(Data excerpts)
(* Let $K\ge 2$, $\eta>0$, and $\mathbf r\in\mathbb R^K$. For $\boldsymbol\theta\in\mathbb R^K$ let $\pi_{\boldsymbol\theta}(a)=\exp(\theta(a))/\sum_{b}\exp(\theta(b))$ be the softmax policy over $K$ actions and define $$\Phi_\eta(\boldsymbol\theta)=\pi_{\boldsymbol\theta}^\top\mathbf r+\frac1\eta\sum_{a}\log\pi_{\boldsymbol\theta}(a).$$ Let $H(\boldsymbol\theta)\in\mathbb R^{K\times K}$ be the Hessian of $\Phi_\eta$ at $\boldsymbol\theta$. Then for all $\boldsymbol\theta\in\mathbb R^K$, all $\mathbf r\in\mathbb R^K$ and all $\mathbf y\in\mathbb R^K$, $$\big|\mathbf y^\top H(\boldsymbol\theta)\mathbf y\big|\le 3\Big(\|\nabla_{\boldsymbol\theta}\Phi_\eta(\boldsymbol\theta)\|_2+\frac{5K}{\eta}\Big)\|\mathbf y\|_2^2 .$$
   Context: $\Phi_\eta$ is the log-barrier regularized expected reward of a softmax policy in a $K$-armed bandit with mean reward vector $\mathbf r$; $1/\eta$ is the barrier strength. *)

From HB Require Import structures.
From mathcomp Require Import all_boot all_order all_algebra.
From mathcomp Require Import all_classical all_reals all_analysis.
Set Implicit Arguments. Unset Strict Implicit. Unset Printing Implicit Defensive.
Import Order.TTheory GRing.Theory Num.Theory.
Import numFieldNormedType.Exports.
Local Open Scope ring_scope.

Definition softmax (R : realType) (K : nat) (th : 'rV[R]_K) (a : 'I_K) : R :=
  expR (th 0 a) / \sum_(b < K) expR (th 0 b).

Definition Phi (R : realType) (K : nat) (eta : R) (r : 'rV[R]_K) (th : 'rV[R]_K) : R :=
  \sum_(a < K) softmax th a * r 0 a + eta^-1 * \sum_(a < K) ln (softmax th a).

Definition ebasis (R : realType) (K : nat) (i : 'I_K) : 'rV[R]_K := delta_mx 0 i.

Definition grad (R : realType) (K : nat) (f : 'rV[R]_K -> R) (th : 'rV[R]_K) : 'rV[R]_K :=
  \row_i derive f th (ebasis R i).

Definition hessian (R : realType) (K : nat) (f : 'rV[R]_K -> R) (th : 'rV[R]_K) : 'M[R]_K :=
  \matrix_(i, j) derive (fun t => derive f t (ebasis R i)) th (ebasis R j).

Definition norm2 (R : realType) (K : nat) (v : 'rV[R]_K) : R :=
  Num.sqrt (\sum_(i < K) v 0 i ^+ 2).

Definition qform (R : realType) (K : nat) (H : 'M[R]_K) (y : 'rV[R]_K) : R :=
  (y *m H *m y^T) 0 0.

From mathcomp Require Import all_boot all_order all_algebra.
From mathcomp Require Import all_classical all_reals all_analysis.
From mathcomp Require Import ring lra.
Import Order.TTheory GRing.Theory Num.Theory.
Import numFieldNormedType.Exports.
Local Open Scope ring_scope.

(* Write p = softmax theta, g_a = p_a (r_a - p^T r) and e = 1/eta. The gradient
   of Phi_eta is c = g + e (1 - K p) and its Hessian is
   diag (g - e K p) - (g p^T + p g^T) + e K p p^T, so that
   y^T H y = sum_a y_a^2 (g_a - e K p_a) - 2 (g^T y) (p^T y) + e K (p^T y)^2.
   As p is a probability vector, |p^T y| <= |y|, |g_a| <= |c| + e K, and writing
   g^T y = c^T y - e (sum_a y_a - K p^T y), Cauchy-Schwarz gives
   |g^T y| <= (|c| + 2 e K) |y|. The three terms are thus bounded by
   (|c| + 2 e K) |y|^2, 2 (|c| + 2 e K) |y|^2 and e K |y|^2, which add up to
   3 |c| |y|^2 + 7 e K |y|^2. *)

Lemma sum_mul_delta {R : pzSemiRingType} {K : nat} (F : 'I_K -> R) (j : 'I_K) :
  \sum_(i < K) F i * (i == j)%:R = F j.
Proof.
by rewrite (bigD1 j) //= eqxx mulr1 big1 ?addr0 // => i /negbTE ->; rewrite mulr0.
Qed.

Lemma lagrange_identity {R : comPzRingType} {K : nat} (u v : 'I_K -> R) :
  \sum_(i < K) \sum_(j < K) (u i * v j - u j * v i) ^+ 2 =
  2 * ((\sum_(i < K) u i ^+ 2) * (\sum_(i < K) v i ^+ 2)
       - (\sum_(i < K) u i * v i) ^+ 2).
Proof.
have expand i j : (u i * v j - u j * v i) ^+ 2 =
    u i ^+ 2 * v j ^+ 2 + u j ^+ 2 * v i ^+ 2 - 2 * ((u i * v i) * (u j * v j)).
  by ring.
under eq_bigr do under eq_bigr do rewrite expand.
under eq_bigr do rewrite sumrB big_split /=.
rewrite sumrB big_split /= [in RHS]expr2 !big_distrlr /=.
rewrite [X in _ + X - _ = _]exchange_big /=.
under [X in _ - X = _]eq_bigr do rewrite -mulr_sumr.
rewrite -mulr_sumr; ring.
Qed.

Lemma quad_form_sum {R : comPzRingType} {K : nat} (H : 'M[R]_K) (y : 'rV[R]_K) :
  (y *m H *m y^T) 0 0 = \sum_(i < K) \sum_(j < K) y 0 i * H i j * y 0 j.
Proof.
rewrite mxE; under eq_bigr do rewrite mxE big_distrl.
by rewrite exchange_big; apply: eq_bigr => i _; apply: eq_bigr => j _; rewrite mxE.
Qed.

Lemma quad_form_diag_rank2 {R : comPzRingType} {K : nat} {H : 'M[R]_K}
    {a g p : 'I_K -> R} {k : R} (y : 'rV[R]_K) :
  (forall i j, H i j = (i == j)%:R * a i - (g i * p j + p i * g j) + k * (p i * p j)) ->
  (y *m H *m y^T) 0 0 =
    \sum_(i < K) y 0 i ^+ 2 * a i
    - 2 * (\sum_(i < K) g i * y 0 i) * (\sum_(i < K) p i * y 0 i)
    + k * (\sum_(i < K) p i * y 0 i) ^+ 2.
Proof.
move=> HE; rewrite quad_form_sum.
set G := \sum_(i < K) g i * y 0 i; set P := \sum_(i < K) p i * y 0 i.
have row i : \sum_(j < K) y 0 i * H i j * y 0 j =
    y 0 i ^+ 2 * a i - (g i * y 0 i * P + p i * y 0 i * G) + k * (p i * y 0 i) * P.
  rewrite (eq_bigr (fun j => y 0 i * a i * y 0 j * (j == i)%:R
      - (g i * y 0 i * (p j * y 0 j) + p i * y 0 i * (g j * y 0 j))
      + k * (p i * y 0 i) * (p j * y 0 j))); last by move=> j _; rewrite HE eq_sym; ring.
  by rewrite big_split sumrB big_split /= sum_mul_delta -!mulr_sumr -/G -/P; ring.
under eq_bigr do rewrite row.
by rewrite big_split sumrB big_split /= -!mulr_suml -mulr_sumr -/G -/P; ring.
Qed.

Section ProbabilityVector.
Context {R : realDomainType} {K : nat} {p : 'I_K -> R}.
Hypotheses (p_ge0 : forall i, 0 <= p i) (p_sum1 : \sum_(i < K) p i = 1).

Lemma prob_le1 i : p i <= 1.
Proof. by rewrite -p_sum1 (bigD1 i) //= lerDl sumr_ge0. Qed.

Lemma prob_card_ge1 : 1 <= K%:R :> R.
Proof.
have -> : K%:R = \sum_(i < K) 1 :> R by rewrite sumr_const card_ord.
rewrite -[leLHS]p_sum1; apply: ler_sum => i _; exact: prob_le1.
Qed.

Lemma normr_prob_avg_le (x : 'I_K -> R) (M : R) :
  (forall i, `|x i| <= M) -> `|\sum_(i < K) p i * x i| <= M.
Proof.
move=> xM; rewrite -[M in _ <= M]mul1r -p_sum1 mulr_suml.
apply: le_trans (ler_norm_sum _ _ _) _; apply: ler_sum => i _.
by rewrite normrM ger0_norm // ler_wpM2l.
Qed.

End ProbabilityVector.

Section L2Norm.
Context {R : rcfType} {K : nat}.
Implicit Types u v : 'I_K -> R.

Definition l2norm u : R := Num.sqrt (\sum_(i < K) u i ^+ 2).

Lemma sumsqr_ge0 u : 0 <= \sum_(i < K) u i ^+ 2.
Proof. by apply: sumr_ge0 => i _; exact: sqr_ge0. Qed.

Lemma sqr_l2norm u : l2norm u ^+ 2 = \sum_(i < K) u i ^+ 2.
Proof. by rewrite sqr_sqrtr // sumsqr_ge0. Qed.

Lemma normr_le_l2norm u i : `|u i| <= l2norm u.
Proof.
rewrite -sqrtr_sqr ler_wsqrtr // (bigD1 i) //= lerDl.
by apply: sumr_ge0 => j _; exact: sqr_ge0.
Qed.

Lemma cauchy_schwarz u v : `|\sum_(i < K) u i * v i| <= l2norm u * l2norm v.
Proof.
rewrite -sqrtrM ?sumsqr_ge0 // -sqrtr_sqr ler_wsqrtr //.
have : 0 <= \sum_(i < K) \sum_(j < K) (u i * v j - u j * v i) ^+ 2.
  by apply: sumr_ge0 => i _; exact: sumsqr_ge0.
rewrite lagrange_identity; lra.
Qed.

End L2Norm.

Section SoftmaxHessianBound.
Context {R : rcfType} {K : nat} {p : 'I_K -> R} (g : 'I_K -> R) {e : R}.
Hypotheses (p_ge0 : forall i, 0 <= p i) (p_sum1 : \sum_(i < K) p i = 1)
  (e_ge0 : 0 <= e).

Local Notation c := (fun i => g i + e * (1 - K%:R * p i)).
Local Notation N := (l2norm c).

Lemma eK_ge0 : 0 <= e * K%:R.
Proof. by rewrite mulr_ge0 ?ler0n. Qed.

Lemma normr_g_le i : `|g i| <= N + e * K%:R.
Proof.
have -> : g i = c i - e * (1 - K%:R * p i) by ring.
apply: le_trans (ler_normB _ _) _; apply: lerD; first exact: (normr_le_l2norm c).
rewrite normrM ger0_norm // ler_wpM2l // ler_norml.
have Kp_ge0 : 0 <= K%:R * p i by rewrite mulr_ge0 ?ler0n.
have Kp_le : K%:R * p i <= K%:R by rewrite ler_piMr ?ler0n // prob_le1.
have K_ge1 := prob_card_ge1 p_ge0 p_sum1.
by apply/andP; split; lra.
Qed.

Lemma normr_diag_le (y : 'I_K -> R) :
  `|\sum_(i < K) y i ^+ 2 * (g i - e * K%:R * p i)|
    <= (N + 2 * (e * K%:R)) * l2norm y ^+ 2.
Proof.
rewrite sqr_l2norm mulr_sumr; apply: le_trans (ler_norm_sum _ _ _) _.
apply: ler_sum => i _; rewrite normrM ger0_norm ?sqr_ge0 // mulrC ler_wpM2r ?sqr_ge0 //.
apply: le_trans (ler_normB _ _) _.
rewrite normrM (ger0_norm eK_ge0) (ger0_norm (p_ge0 i)).
have := normr_g_le i; have := ler_wpM2l eK_ge0 (prob_le1 p_ge0 p_sum1 i).
rewrite mulr1; lra.
Qed.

• [Problem] Out of the entries above, write out only the lines between the line holding "Section SoftmaxHessianBound." and the line holding "Local Notation c", inclusive, each exactly as given.

• [Response to the task]
Section SoftmaxHessianBound.
Context {R : rcfType} {K : nat} {p : 'I_K -> R} (g : 'I_K -> R) {e : R}.
Hypotheses (p_ge0 : forall i, 0 <= p i) (p_sum1 : \sum_(i < K) p i = 1)
  (e_ge0 : 0 <= e).

Local Notation c := (fun i => g i + e * (1 - K%:R * p i)).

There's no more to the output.